To the Man Who Came to Cut Down My Tree by Joan Connor

It was an elm.  In the front yard.  On the same side of the house as my study.  If it is possible to love a tree, I loved that tree.  It shaded my workroom from the sun.  It looked like a bouquet.  Then it got ill.  It struggled valiantly for years, leafing every spring, but deciduating early every fall.  Then last spring it did not come back.

The man from the tree service, his name was Craig Self (really, Self), told me it was wetwood for which there is no cure.  Like death.  There is no cure for death.  So.

On the day that he came to remove the tree, Craig Self wore a green jumpsuit with his name on the pocket; it just said Self.  In cursive.  As if he needed to remind himself that he was himself, his name on his pocket like mitten clips; these are my mittens.  I must not lose them.  I am myself; I must not lose me. Craig Self had a face like a C-clamp.  He was not a smiley man.

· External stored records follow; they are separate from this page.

(* Let $f$ be a positive definite function and let $W=\{w_1,\dots,w_N\}\subset V$ be a norming set for $\mathcal{B}_M$. Then for every $x\in\mathcal{L}(G)$: (1) if $\hat{f}_k\le C_1k^{-s}$ for all $k$, with constants $C_1>0$ and $s>1$, then $$\max_{v\in V}|x(v)-\mathrm{I}_Wx(v)|\le\sqrt{\tfrac{C_1}{s-1}}\big(1+\|(\mathbf{S}_W\mathbf{B}_M)^{-1}\|\big)M^{-\frac{s-1}{2}}\|x\|_{K_f};$$ (2) if $\hat{f}_k\le C_2e^{-tk}$ for all $k$, with constants $C_2>0$ and $t>0$, then $$\max_{v\in V}|x(v)-\mathrm{I}_Wx(v)|\le\sqrt{\tfrac{C_2}{1-e^{-t}}}\big(1+\|(\mathbf{S}_W\mathbf{B}_M)^{-1}\|\big)e^{-\frac{t}{2}(M+1)}\|x\|_{K_f}.$$
   Context: Let $G$ be a graph with vertex set $V=\{v_1,\dots,v_n\}$, symmetric non-negative weighted adjacency matrix $\mathbf{A}$, degree matrix $\mathbf{D}=\mathrm{diag}(\sum_k\mathbf{A}_{ik})$ (positive), and normalized Laplacian $\mathbf{L}=\mathbf{I}_n-\mathbf{D}^{-1/2}\mathbf{A}\mathbf{D}^{-1/2}$. Signals are vectors in $\mathcal{L}(G)\cong\mathbb{R}^n$ with euclidean norm and standard basis $e_1,\dots,e_n$. Fix an orthonormal eigendecomposition $\mathbf{L}=\mathbf{U}\,\mathrm{diag}(\lambda_1,\dots,\lambda_n)\mathbf{U}^\intercal$ with columns $u_1,\dots,u_n$. Fourier transform $\hat{x}=\mathbf{U}^\intercal x$; convolution operator $\mathbf{C}_x=\mathbf{U}\,\mathrm{diag}(\hat{x})\mathbf{U}^\intercal$. For $f\in\mathcal{L}(G)$ let $(\mathbf{K}_f)_{ij}=(\mathbf{C}_{e_j}f)(v_i)$; $f$ is a positive definite function if $\mathbf{K}_f$ is symmetric strictly positive definite; then $\|x\|_{K_f}=\sqrt{x^\intercal\mathbf{K}_f^{-1}x}$. For distinct nodes $w_k=v_{j_k}$, let $(\mathbf{K}_{f,W})_{kl}=(\mathbf{C}_{e_{j_l}}f)(w_k)$; the GBF interpolant is $\mathrm{I}_Wx=\sum_{k=1}^Nc_k\mathbf{C}_{e_{j_k}}f$ with $\mathbf{K}_{f,W}c=(x(w_1),\dots,x(w_N))^\intercal$. Let $\mathcal{B}_M=\mathrm{span}\{u_1,\dots,u_M\}$, $\mathbf{S}_Wx(v)=x(v)$ for $v\in W$ and $0$ otherwise, $\mathbf{B}_Mx=\sum_{k=1}^M(u_k^\intercal x)u_k$. $W$ is a norming set for $\mathcal{B}_M$ if $\mathbf{S}_W\mathbf{B}_M$ is injective on $\mathcal{B}_M$; $\|(\mathbf{S}_W\mathbf{B}_M)^{-1}\|$ is the euclidean operator norm of the inverse of $\mathbf{S}_W\mathbf{B}_M|_{\mathcal{B}_M}$ on its image $\mathbf{S}_W(\mathcal{B}_M)$. *)

From HB Require Import structures.
From mathcomp Require Import all_boot all_order all_algebra.
From mathcomp Require Import classical_sets reals sequences exp.
Set Implicit Arguments. Unset Strict Implicit. Unset Printing Implicit Defensive.
Import Order.TTheory GRing.Theory Num.Theory.
Local Open Scope ring_scope.
Local Open Scope classical_set_scope.

Section GBF.
Variables (R : realType) (n : nat).

(* signals are column vectors 'cV[R]_n; node v_i is index i : 'I_n *)

Definition enorm (x : 'cV[R]_n) : R := Num.sqrt (\sum_(i < n) x i 0 ^+ 2).

Definition ebasis (j : 'I_n) : 'cV[R]_n := \col_i (i == j)%:R.

Definition degree (A : 'M[R]_n) (i : 'I_n) : R := \sum_(k < n) A i k.
Definition Dinvsqrt (A : 'M[R]_n) : 'M[R]_n :=
  diag_mx (\row_i (Num.sqrt (degree A i))^-1).
Definition normLap (A : 'M[R]_n) : 'M[R]_n :=
  1%:M - Dinvsqrt A *m A *m Dinvsqrt A.

Definition gft (U : 'M[R]_n) (x : 'cV[R]_n) : 'cV[R]_n := U^T *m x.
Definition convop (U : 'M[R]_n) (x : 'cV[R]_n) : 'M[R]_n :=
  U *m diag_mx (gft U x)^T *m U^T.

Definition Kf (U : 'M[R]_n) (f : 'cV[R]_n) : 'M[R]_n :=
  \matrix_(i, j) (convop U (ebasis j) *m f) i 0.

Definition pos_def_fun (U : 'M[R]_n) (f : 'cV[R]_n) : Prop :=
  (Kf U f)^T = Kf U f /\
  forall x : 'cV[R]_n, x != 0 -> 0 < (x^T *m Kf U f *m x) 0 0.

Definition Kfnorm (U : 'M[R]_n) (f : 'cV[R]_n) (x : 'cV[R]_n) : R :=
  Num.sqrt ((x^T *m invmx (Kf U f) *m x) 0 0).

(* W = {w_1,...,w_N}, w_k = v_{j k}, with j injective (distinct nodes) *)
Variable N : nat.

Definition KfW (U : 'M[R]_n) (f : 'cV[R]_n) (j : 'I_N -> 'I_n) : 'M[R]_N :=
  \matrix_(k, l) (convop U (ebasis (j l)) *m f) (j k) 0.

Definition interp (U : 'M[R]_n) (f : 'cV[R]_n) (j : 'I_N -> 'I_n)
    (x : 'cV[R]_n) : 'cV[R]_n :=
  let c := invmx (KfW U f j) *m (\col_k x (j k) 0) in
  \sum_(k < N) c k 0 *: (convop U (ebasis (j k)) *m f).

Definition SW (j : 'I_N -> 'I_n) (x : 'cV[R]_n) : 'cV[R]_n :=
  \col_i (if [exists k, j k == i] then x i 0 else 0).

(* B_M (projection) with u_k = col k U  (k is 0-indexed: u_{k+1} = col k U) *)
Definition BM (U : 'M[R]_n) (M : nat) (x : 'cV[R]_n) : 'cV[R]_n :=
  \sum_(k < n | (k < M)%N) ((col k U)^T *m x) 0 0 *: col k U.

Definition inBM (U : 'M[R]_n) (M : nat) (y : 'cV[R]_n) : Prop :=
  exists a : 'I_n -> R, y = \sum_(k < n | (k < M)%N) a k *: col k U.

Definition norming (U : 'M[R]_n) (M : nat) (j : 'I_N -> 'I_n) : Prop :=
  forall y1 y2, inBM U M y1 -> inBM U M y2 ->
    SW j (BM U M y1) = SW j (BM U M y2) -> y1 = y2.

(* ||(S_W B_M)^{-1}||: operator norm of the inverse of S_W B_M|_{B_M} on its
   image, i.e. sup { ||T^{-1} z|| : z in S_W(B_M), ||z|| <= 1 }, written with
   y = T^{-1} z ranging over B_M *)
Definition inv_opnorm (U : 'M[R]_n) (M : nat) (j : 'I_N -> 'I_n) : R :=
  sup [set enorm y | y in [set y | inBM U M y /\ enorm (SW j (BM U M y)) <= 1]].

(* max_{v in V} |x(v)| (values nonnegative, so 0 is a neutral seed) *)
Definition maxabs (x : 'cV[R]_n) : R := \big[Num.max/0]_(v < n) `|x v 0|.

End GBF.

From HB Require Import structures.
From mathcomp Require Import all_boot all_order all_algebra.
From mathcomp Require Import classical_sets reals sequences exp.
From mathcomp Require Import ring lra.
Import Order.TTheory GRing.Theory Num.Theory.
Local Open Scope ring_scope.
Set Implicit Arguments. Unset Strict Implicit. Unset Printing Implicit Defensive.

(* The interpolant I_W x is the K_f^-1-orthogonal projection of x onto the
   span of the columns of K_f at the nodes of W, so the error e = x - I_W x
   vanishes on W and ||e||_K_f <= ||x||_K_f.  Hence e(v) = <K_f g, e>_K_f^-1
   for every g = e_v - sum_k a_k e_(w_k), and Cauchy-Schwarz gives
   |e(v)|^2 <= (sum_k ghat_k^2 fhat_k) ||x||_K_f^2 with ghat = U^T g.
   We choose a so that ghat vanishes on the first M frequencies: a is the
   restriction to W of some y in B_M with ||a||^2 = y(v) <= ||y||
   <= ||(S_W B_M)^-1|| ||a||, so every |ghat_k| <= 1 + ||(S_W B_M)^-1|| and
   |e(v)| <= (1 + ||(S_W B_M)^-1||) (sum_(k > M) fhat_k)^(1/2) ||x||_K_f.
   The decay hypotheses bound this tail by telescoping. *)

Section RealField.
Variable R : realFieldType.

Lemma discr_le_of_quadratic_ge0 (p q r : R) : 0 <= r ->
  (forall t, 0 <= p + 2 * t * q + t ^+ 2 * r) -> q ^+ 2 <= p * r.
Proof.
move=> r_ge0 quad_ge0; have [r_gt0|] := ltrP 0 r.
  rewrite -subr_ge0.
  have -> : p * r - q ^+ 2 = r * (p + 2 * (- q / r) * q + (- q / r) ^+ 2 * r)
    by field; rewrite gt_eqF.
  by apply: mulr_ge0; [exact: ltW|exact: quad_ge0].
move=> r_le0; have r0 : r = 0 by apply/eqP; rewrite eq_le r_le0 r_ge0.
have [->|q_neq0] := eqVneq q 0; first by rewrite r0 expr0n mulr0.
have := quad_ge0 (- (p + 1) / (2 * q)); rewrite r0.
have -> : p + 2 * (- (p + 1) / (2 * q)) * q + (- (p + 1) / (2 * q)) ^+ 2 * 0 = -1.
  by field; rewrite q_neq0.
by rewrite oppr_ge0 ler10.
Qed.

Lemma sum_mul_sqr_le m (p q : 'I_m -> R) :
  (\sum_i p i * q i) ^+ 2 <= (\sum_i p i ^+ 2) * (\sum_i q i ^+ 2).
Proof.
apply: discr_le_of_quadratic_ge0 => [|t]; first by rewrite sumr_ge0 // => i _; rewrite sqr_ge0.
have -> : \sum_i p i ^+ 2 + 2 * t * (\sum_i p i * q i) + t ^+ 2 * \sum_i q i ^+ 2 =
    \sum_i (p i + t * q i) ^+ 2.
  by rewrite !mulr_sumr -!big_split /=; apply: eq_bigr => i _; ring.
by rewrite sumr_ge0 // => i _; rewrite sqr_ge0.
Qed.

Lemma sqr_le_sum m (F : 'I_m -> R) k : F k ^+ 2 <= \sum_i F i ^+ 2.
Proof. by rewrite (bigD1 k) //= lerDl sumr_ge0 // => i _; rewrite sqr_ge0. Qed.

Lemma norm_le_of_sqr_le (x c : R) : 0 <= c -> x ^+ 2 <= c ^+ 2 -> `|x| <= c.
Proof. by move=> c_ge0; rewrite -real_normK ?num_real // ler_sqr ?nnegrE. Qed.

Lemma sqr_le_of_norm_le (x c : R) : `|x| <= c -> x ^+ 2 <= c ^+ 2.
Proof.
move=> xc; rewrite -real_normK ?num_real // ler_sqr ?nnegrE //.
exact: le_trans xc.
Qed.

End RealField.

Section BilinearForm.
Variables (R : realFieldType) (n : nat).
Implicit Types (Q : 'M[R]_n) (u w z : 'cV[R]_n).

Definition bform Q u w : R := (u^T *m Q *m w) 0 0.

“Craig” means rock.  “Self” means, well, itself.

He started from the top, removing the large branches first.  As he worked, I felt de-limbed.  I listened to the buzz of the saw, the grinding of the chipper, the thrash and thud of the lichened branches.  I felt more than saw, perhaps, each branch go.

I have lived here twenty years with that tree.  This area, Southeastern Ohio, remains alien to me, a much warmer climate than that at home, in Vermont.  That tree a shelter, that tree a parasol.  When I forced myself to look outside, my elm was a post.

Craig Self was bundling the smaller branches, gleaning them from the yard, feeding them into the chipper.  I turned away, retreated to the kitchen until I heard the knock.  Craig Self peered through door.  I cracked it.

“Would you like some coffee?”

“No, water,” he said, “just some water.”

He followed me into the kitchen.  I gave him a glass of ice water and he drank it standing up, hip propped against the counter, clinking the cubes in the glass between gulps.

Then it began.

“Jesus,” he said, “tried to get a cup of coffee this morning, had to stand in line behind this A-rab.  Ragheads are everywhere.  Don’t know why they are here.  Don’t belong.  Never used to be here.  See ‘em in the grocery store, the hardware store.  Probably going to bomb the churches.  Muslims taking over the country.  Got a Muslim president.”  He clinked his cubes and gulped again.

This was one of those moments–I seem to have them more and more frequently as I age–when I was not sure what to do.  I knew what was the right thing to do, but I also knew that it was futile.  I was not going to change his mind with a three-minute education.  I would not change his mind with a three-year education, thirty.

Still.  I tried to explain that this was a university town with many foreign nationals.  I tried to explain that the man ahead of him in line was likely a Sikh.  I tried to explain that all Muslims were not bombers.

He thunked his glass down on the counter, said, “We should have open season on them just like turkeys.”

Was he deaf?  Was I mute?

I heard him fire up the chain saw.

I wanted to think, Hillbilly, hilljack, redneck.  But I knew what that meant.  No different from thinking, A-rab.  Still I wondered, what is it that people saw in me?  Why would anyone think I was the appropriate audience for such hatred.  I remembered when I first moved here and the KKK knocked on my front door.  The man identified himself as a Hero of America.  It took me a while to catch on.  When I did, I said, “Mister, you are in the wrong place.”

Later I thought–or I was.  Perhaps we both were.  He left when I called the police.

The chain saw buzzed and burred.  When I next looked out the window, my elm was a pile of sawdust and a stump.

I tried to raise its canopy in my imagination.

Craig Self knocked on my door.

“More water?” I asked.

“Obliged.”  He propped himself once again against the counter.

He told me about his church and Pastor, unaffiliated.  The Church of the Rock of Peter.  Told me about their upcoming picnic, strawberry social.  “You should come,” he said.  “It’s a real nice time.”

“Thank you.  I will check my calendar.  That is very kind of you.”  It was, but I had no intention of going.  Another sin born of awkwardness?

As he left, he shook my hand.  “Thank you for the water.  That was mighty white of you.”

I watched him drive off in his pickup towing the chipper, the side of the red truck emblazoned: Self Tree Removal.

I stared where my elm used to be, feeling suddenly lonely.

On the dirt road into my town in Vermont, elm trees used to arch over the road.  I used to think that I would like to be married under that verdant arch.  Dutch Elm Disease took the trees, and I know now that I will never remarry.

Because we exist in time and time is change, there are places to which we cannot return even when we go back.

 

Yet there will be a tenth portion in it, And it will again be subject to burning, Like a terebinth or an oak Whose stump remains when it is felled. —Isaiah 6:13

 

My elm was gone.

If nothing else, the stump remained.

 

Joan Connor is a professor at Ohio University, and the author of four collections of short stories and a collection of essays.